What is expected: Within the material below, locate the line with "a neighbourhood of" and the line with "last exact: closed_eq.", then return those two lines and all lines between them, exactly as written.

Provided data:
(* Let $(P,\preceq)$ be a poset, $\mathcal{X}:=\{X\subseteq P\mid (X,\preceq)\text{ well-ordered}\}$, and $\Lambda$ a set. The $\Lambda$-system algebra of causal systems over $\mathcal{X}$ is a composition-order invariant functional $\Lambda$-system algebra over $\mathcal{X}$; in particular its set of systems is closed under parallel composition and interface connection.
   Context: $\mathcal{X}^{\mathcal{I}}$ is the set of functions $\mathcal{I}\to\mathcal{X}$; $\mathbin{\triangle}$ is symmetric difference; $x\prec y$ means $x\preceq y$, $x\ne y$. For finite disjoint $\mathcal{I},\mathcal{O}\subseteq\Lambda$, a causal $(\mathcal{I},\mathcal{O})$-system over $\mathcal{X}$ is a function $s:\mathcal{X}^{\mathcal{I}}\to\mathcal{X}^{\mathcal{O}}$ such that for all $\mathbf{X},\mathbf{X}'$, $o\in\mathcal{O}$, $y\in s(\mathbf{X})(o)\mathbin{\triangle}s(\mathbf{X}')(o)$ there exist $i\in\mathcal{I}$, $x\in\mathbf{X}(i)\mathbin{\triangle}\mathbf{X}'(i)$ with $x\prec y$. The $\Lambda$-system algebra of causal systems has as systems all causal $(\mathcal{I},\mathcal{O})$-systems for finite disjoint $\mathcal{I},\mathcal{O}\subseteq\Lambda$, with $\lambda(s)=\mathcal{I}\cup\mathcal{O}$, $\Gamma(s)=\{\{i,o\}\mid i\in\mathcal{I},o\in\mathcal{O}\}$, parallel composition $(s_1\parallel s_2)(\mathbf{X})(o_j)=s_j(\mathbf{X}|_{\mathcal{I}_j})(o_j)$ for $s_j$ with index sets $\mathcal{I}_j,\mathcal{O}_j$ ($j=1,2$, all four pairwise disjoint), and interface connection $\gamma_{i,o}(s)(\mathbf{X})=s(\mathbf{X}\cup\{(i,X^* )\})|_{\mathcal{O}\setminus\{o\}}$ for $\mathbf{X}\in\mathcal{X}^{\mathcal{I}\setminus\{i\}}$, where $X^*$ is the unique $X_i\in\mathcal{X}$ with $s(\mathbf{X}\cup\{(i,X_i)\})(o)=X_i$. Being a functional $\Lambda$-system algebra means that the set of systems is closed under $\parallel$ and $\gamma$ and $\{i,o\}\in\Gamma(s_1\parallel s_2)\iff\{i,o\}\in\Gamma(s_j)$ for $i,o\in\lambda(s_j)$ when $\lambda(s_1)\cap\lambda(s_2)=\emptyset$. Composition-order invariance means: (i) for all $s$, $\{i,o\}\in\Gamma(s)$, $\{i',o'\}\in\Gamma(\gamma_{i,o}(s))$: $\{i',o'\}\in\Gamma(s)$, $\{i,o\}\in\Gamma(\gamma_{i',o'}(s))$, and $\gamma_{i',o'}(\gamma_{i,o}(s))=\gamma_{i,o}(\gamma_{i',o'}(s))$; (ii) $\parallel$ is associative and commutative; (iii) $\gamma_{i,o}(s_1)\parallel s_2=\gamma_{i,o}(s_1\parallel s_2)$ whenever $\lambda(s_1)\cap\lambda(s_2)=\emptyset$ and $\{i,o\}\in\Gamma(s_1)$. *)

From Stdlib Require Import List Classical ClassicalEpsilon
  FunctionalExtensionality PropExtensionality ProofIrrelevance.
(* Every subset of a discrete subgroup is closed: near a limit point L of S,
   any two points c, c' of S satisfy c^-1 c' = 1 by discreteness, so S meets
   a neighbourhood of L in a single point, which must be L. *)
Lemma discrete_subgroup_subset_closed S :
  hausdorff_space G -> discrete_set Gt -> S `<=` Gt -> closed S.
Proof.
move=> hT2 hdisc SGt L SL.
have detL : \det L.1 = 1.
  have det1_closed : closed [set h : H | \det h.1 = 1].
    apply: (@preimage_closed _ _ (fun h : H => \det h.1) [set 1]);
      last exact: closed_eq.
    move=> h _; apply: (continuous_cvg _ (@det_continuous _ _ h.1)).
    exact: fst_cvg cvg_id.
  by apply: det1_closed; apply: closureS SL => h /SGt /Gt_det1.
have [U0 U0_nbhs U0Gt] := hdisc _ Gt_one.
have Q_cvg : mulH mulG (adjH invG p.1) p.2 @[p --> (L, L)] --> oneH R eG.
  rewrite -(mulH_adjH hG detL); apply: (cvg_mulH hG); last exact: snd_cvg cvg_id.
  exact: (cvg_adjH hG) (fst_cvg cvg_id).
have [[W1 W2] /= [W1L W2L] W12] := Q_cvg _ U0_nbhs.
have WL : nbhs L (W1 `&` W2) by apply: filterI.
have [c [Sc Wc]] := SL _ WL.
suff -> : L = c by [].
apply: (prod_hausdorff (@norm_hausdorff _ 'M[R]_2) hT2) => A B LA cB.
have [c' [Sc' [Ac' Wc']]] := SL _ (filterI LA WL).
have c'c : c' = c.
  apply: (mulH_adjH_eq1 hG (Gt_det1 (SGt _ Sc))).
  have : (U0 `&` Gt) (mulH mulG (adjH invG c) c').
    split; first by apply: (W12 (c, c')); split => /=; [exact: Wc.1 | exact: Wc'.2].
    by apply: Gt_mul; [exact: Gt_adjH (SGt _ Sc) | exact: SGt].
  by rewrite U0Gt.
by exists c'; split => //; rewrite c'c; exact: nbhs_singleton.
Qed.

(* Choosing d in Gt with d z_n close to y, the conjugate d h d^-1 equals
   (d z_n) h_n (d z_n)^-1, which is close to y h' y^-1. *)
Lemma conj_class_closure (z hn : nat -> H) y h h' :
  quot_converges mulG Gt z y -> (forall n, \det (z n).1 = 1) ->
  (forall n, h = conjH mulG invG (z n) (hn n)) -> hn @ \oo --> h' ->
  closure [set conjH mulG invG d h | d in Gt] (conjH mulG invG y h').
Proof.
move=> zy detz hz hn_cvg V yV.
have conj_cvg : conjH mulG invG p.1 p.2 @[p --> (y, h')] --> conjH mulG invG y h'.
  by apply: (cvg_conjH hG); [exact: fst_cvg cvg_id | exact: snd_cvg cvg_id].
have [[A B] /= [yA h'B] sAB] := conj_cvg _ yV.
have [N1 zA] := quot_converges_nbhs zy yA.
have [N2 _ hnB] := hn_cvg _ h'B.
have [d Gd dzA] := zA _ (leq_maxl N1 N2).
exists (conjH mulG invG d h); split; first by exists d.
rewrite (hz (maxn N1 N2)) (conjHM hG) ?(Gt_det1 Gd) //.
by apply: (sAB (_, _)); split => //; apply: hnB; rewrite /= leq_maxr.
Qed.

End LiftedSubgroup.

Section UnipotentDiagonal.
Variable R : realType.
Implicit Types (l t : R).

Lemma unipotent0 : unipotent (0 : R) = 1%:M.
Proof.
by apply/matrixP => i j; rewrite !mxE; case: i j => [[|[|//]] ?] [[|[|//]] ?].
Qed.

Completed exercise:
   a neighbourhood of L in a single point, which must be L. *)
Lemma discrete_subgroup_subset_closed S :
  hausdorff_space G -> discrete_set Gt -> S `<=` Gt -> closed S.
Proof.
move=> hT2 hdisc SGt L SL.
have detL : \det L.1 = 1.
  have det1_closed : closed [set h : H | \det h.1 = 1].
    apply: (@preimage_closed _ _ (fun h : H => \det h.1) [set 1]);
      last exact: closed_eq.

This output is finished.